January 7, 2022 | Massimo Introvigne | BitterWinter
If you read French, you have probably read that because of COVID-19 “cults,” an old obsession in France, are proliferating more than ever. In fact, there are now 500 “cults,” with 500,000 “victims,” of which from 50,000 to 90,000 are “children.” These fantastic figures have been repeated by French media, and even mentioned internationally.

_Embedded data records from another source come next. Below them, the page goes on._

(* Let $X$ be a finite connected simplicial complex and $\delta$ a cellular perversity. The category $\operatorname{Pre}\Lambda(X,\delta)$ of presheaves on the poset $\Lambda(X,\delta)$ is isomorphic to the category $\mathcal R(X,\delta)$.
   Context: Simplices are open; $\Delta\leftrightarrow\Delta'$ means one is a face of the other. A cellular perversity is $\delta:\mathbb Z_{\ge0}\to\mathbb Z$, $\delta(0)=0$, mapping each $\{0,\dots,k\}$ bijectively onto an interval $\{a,\dots,a+k\}$, $a\le0$; $\delta(\Delta):=\delta(\dim\Delta)$. $\Lambda(X,\delta)$: simplices ordered by $\Delta\ge\Delta'$ iff there is a chain $\Delta=\Delta_0,\dots,\Delta_r=\Delta'$ ($r\ge0$) with $\Delta_i\leftrightarrow\Delta_{i+1}$, $\delta(\Delta_i)=\delta(\Delta_{i+1})+1$. A presheaf on a poset $\Lambda$ assigns a vector space $S(\alpha)$ to each $\alpha$ and linear maps $s(\alpha,\beta):S(\alpha)\to S(\beta)$ for $\alpha\ge\beta$, with $s(\alpha,\alpha)=\mathrm{Id}$ and $s(\beta,\gamma)s(\alpha,\beta)=s(\alpha,\gamma)$; morphisms are families of linear maps commuting with the $s$. $\mathcal R(X,\delta)$: objects assign a finite-dimensional $\mathbb F$-vector space $S(\Delta)$ to each simplex and a linear map $s(\Delta,\Delta'):S(\Delta)\to S(\Delta')$ to each pair with $\Delta\leftrightarrow\Delta'$, $\delta(\Delta)=\delta(\Delta')+1$, such that $s(\Delta_1,\Delta'')s(\Delta',\Delta_1)=s(\Delta_2,\Delta'')s(\Delta',\Delta_2)$ whenever $\delta(\Delta')=k+1$, $\delta(\Delta_1)=\delta(\Delta_2)=k$, $\delta(\Delta'')=k-1$ and $\Delta'\leftrightarrow\Delta_j\leftrightarrow\Delta''$; morphisms are families of linear maps commuting with the $s$. *)

From HB Require Import structures.
From mathcomp Require Import all_boot all_order all_algebra.
Set Implicit Arguments. Unset Strict Implicit. Unset Printing Implicit Defensive.
Import GRing.Theory Num.Theory.
Local Open Scope ring_scope.

Definition simplicial_complex (V : finType) (X : {set {set V}}) : Prop :=
  set0 \notin X /\
  (forall A B : {set V}, A \in X -> B \subset A -> B != set0 -> B \in X).

Definition simplex (V : finType) (X : {set {set V}}) := {A : {set V} | A \in X}.

Definition sdim (V : finType) (X : {set {set V}}) (a : simplex X) : nat :=
  (#|val a|).-1.

Definition incident (V : finType) (X : {set {set V}}) : rel (simplex X) :=
  fun a b => (val a \subset val b) || (val b \subset val a).

Definition sc_connected (V : finType) (X : {set {set V}}) : Prop :=
  forall a b : simplex X, connect (@incident V X) a b.

Definition cellular_perversity (d : nat -> int) : Prop :=
  d 0%N = 0 /\
  forall k : nat, exists a : int, a <= 0 /\
    (forall i j : nat, (i <= k)%N -> (j <= k)%N -> d i = d j -> i = j) /\
    (forall i : nat, (i <= k)%N -> a <= d i <= a + k%:Z) /\
    (forall z : int, a <= z <= a + k%:Z -> exists2 i : nat, (i <= k)%N & d i = z).

Section Cats.
Variables (F : fieldType) (V : finType) (X : {set {set V}}) (d : nat -> int).

Local Notation simp := (simplex X).

Definition pdim (a : simp) : int := d (sdim a).

Definition lcover : rel simp :=
  fun a b => incident a b && (pdim a == pdim b + 1).

(* Delta >= Delta' in Lambda(X, delta) *)
Definition lam_ge : rel simp := connect lcover.

Record presheaf := Presheaf {
  ps_sp : simp -> vectType F;
  ps_map : forall a b : simp, lam_ge a b -> 'Hom(ps_sp a, ps_sp b);
  ps_id : forall a (h : lam_ge a a), ps_map h = \1%VF;
  ps_comp : forall a b c (hab : lam_ge a b) (hbc : lam_ge b c) (hac : lam_ge a c),
      (ps_map hbc \o ps_map hab)%VF = ps_map hac
}.

Record presheaf_hom (S T : presheaf) := PresheafHom {
  ph_fun : forall a : simp, 'Hom(ps_sp S a, ps_sp T a);
  ph_nat : forall a b (h : lam_ge a b),
      (ph_fun b \o ps_map S h)%VF = (ps_map T h \o ph_fun a)%VF
}.

Definition ph_id (S : presheaf) : presheaf_hom S S.
Proof.
exists (fun a => \1%VF) => a b h; by rewrite comp_lfun1l comp_lfun1r.
Defined.

Definition ph_comp (S T U : presheaf) (g : presheaf_hom T U) (f : presheaf_hom S T) :
  presheaf_hom S U.
Proof.
exists (fun a => (ph_fun g a \o ph_fun f a)%VF) => a b h.
by rewrite -comp_lfunA ph_nat comp_lfunA ph_nat -comp_lfunA.
Defined.

Record robj := RObj {
  r_sp : simp -> vectType F;
  r_map : forall a b : simp, lcover a b -> 'Hom(r_sp a, r_sp b);
  r_comm : forall a' a1 a2 a'' (h1 : lcover a' a1) (h1' : lcover a1 a'')
                  (h2 : lcover a' a2) (h2' : lcover a2 a''),
      (r_map h1' \o r_map h1)%VF = (r_map h2' \o r_map h2)%VF
}.

Record robj_hom (S T : robj) := RHom {
  rh_fun : forall a : simp, 'Hom(r_sp S a, r_sp T a);
  rh_nat : forall a b (h : lcover a b),
      (rh_fun b \o r_map S h)%VF = (r_map T h \o rh_fun a)%VF
}.

Definition rh_id (S : robj) : robj_hom S S.
Proof.
exists (fun a => \1%VF) => a b h; by rewrite comp_lfun1l comp_lfun1r.
Defined.

Definition rh_comp (S T U : robj) (g : robj_hom T U) (f : robj_hom S T) :
  robj_hom S U.
Proof.
exists (fun a => (rh_fun g a \o rh_fun f a)%VF) => a b h.
by rewrite -comp_lfunA rh_nat comp_lfunA rh_nat -comp_lfunA.
Defined.

Definition Pre_R_isomorphic : Prop :=
  exists (Fo : presheaf -> robj)
         (Fm : forall S T : presheaf, presheaf_hom S T -> robj_hom (Fo S) (Fo T)),
    [/\ (forall S, Fm S S (ph_id S) = rh_id (Fo S)),
        (forall S T U (f : presheaf_hom S T) (g : presheaf_hom T U),
            Fm S U (ph_comp g f) = rh_comp (Fm T U g) (Fm S T f)),
        bijective Fo &
        (forall S T, bijective (Fm S T))].

End Cats.

(* A presheaf on Lambda(X, delta) restricts to an object of R(X, delta): its maps along
   covering pairs satisfy the diamond condition by functoriality.  Conversely, an object of
   R(X, delta) extends to all pairs a >= b by composing along a saturated chain from a to b,
   and the point is that the composite does not depend on the chain.  All chains from a to b
   have length pdim a - pdim b, so by induction it suffices that the covers x of a lying
   above b are linked by diamonds a > x, y > z >= b.  A cellular perversity is increasing
   in the dimension where it is nonnegative and decreasing where it is negative, so the
   order is reverse inclusion among simplices of nonnegative pdim, inclusion among those of
   nonpositive pdim, and "sharing a vertex" across 0.  Linking the covers of a therefore
   amounts to the connectivity of Johnson graphs of k-sets between two fixed sets. *)

From mathcomp Require Import all_boot all_order all_algebra zify.
From Stdlib Require Import ProofIrrelevance FunctionalExtensionality.
Set Implicit Arguments. Unset Strict Implicit. Unset Printing Implicit Defensive.
Import Order.TTheory GRing.Theory Num.Theory.
Local Open Scope ring_scope.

Fact-checkers in reliable media probably at first sight regarded them as slightly strange. However, they were certified by a governmental institution, the MIVILUDES, the Mission interministérielle de vigilance et de lutte contre les dérives sectaires (Interministerial Mission of Vigilance and Combat against Cultic Deviances). Because of this governmental stamp, those who repeated these figures in the media got away with them.
Unfortunately for these media and the MIVILUDES, in France there are laws similar to the American FOIA (Freedom of Information Act) allowing citizens to access documents of the government under certain conditions. An NGO with special consultative status at the United Nations’ ECOSOC (Economic and Social Council) called CAP-LC (Coordination des associations et des particuliers pour la liberté de conscience, Coordination of associations and individuals for freedom of conscience) used these laws to ask the MIVILUDES where these statistics came from.
On July 19, 2021, the MIVILUDES answered, and the letter has now been published by the French magazine Rebelle[S]. It is a sensational letter, where the MIVILUDES admits that it does not have any recent statistics and it is only relying on old documents, sometimes dating to 25 years ago.
For the “500 cults,” the MIVILUDES states the figure is taken from the controversial 1995 report of a French Parliamentary Commission on “cults.” In fact, this report listed 173 “cults,” and as the letter explains the number of 500 included the “local units” (filiales). Including the “filiales” would be similar to claiming than in France there are tens of thousands of religions considering each Catholic parish as a religion. More importantly, the 1995 list was so much criticized and even ridiculed that the MIVILUDES itself has repeatedly stated that it no longer relies on it. Only, it does when it comes to create alarm through bogus statistics.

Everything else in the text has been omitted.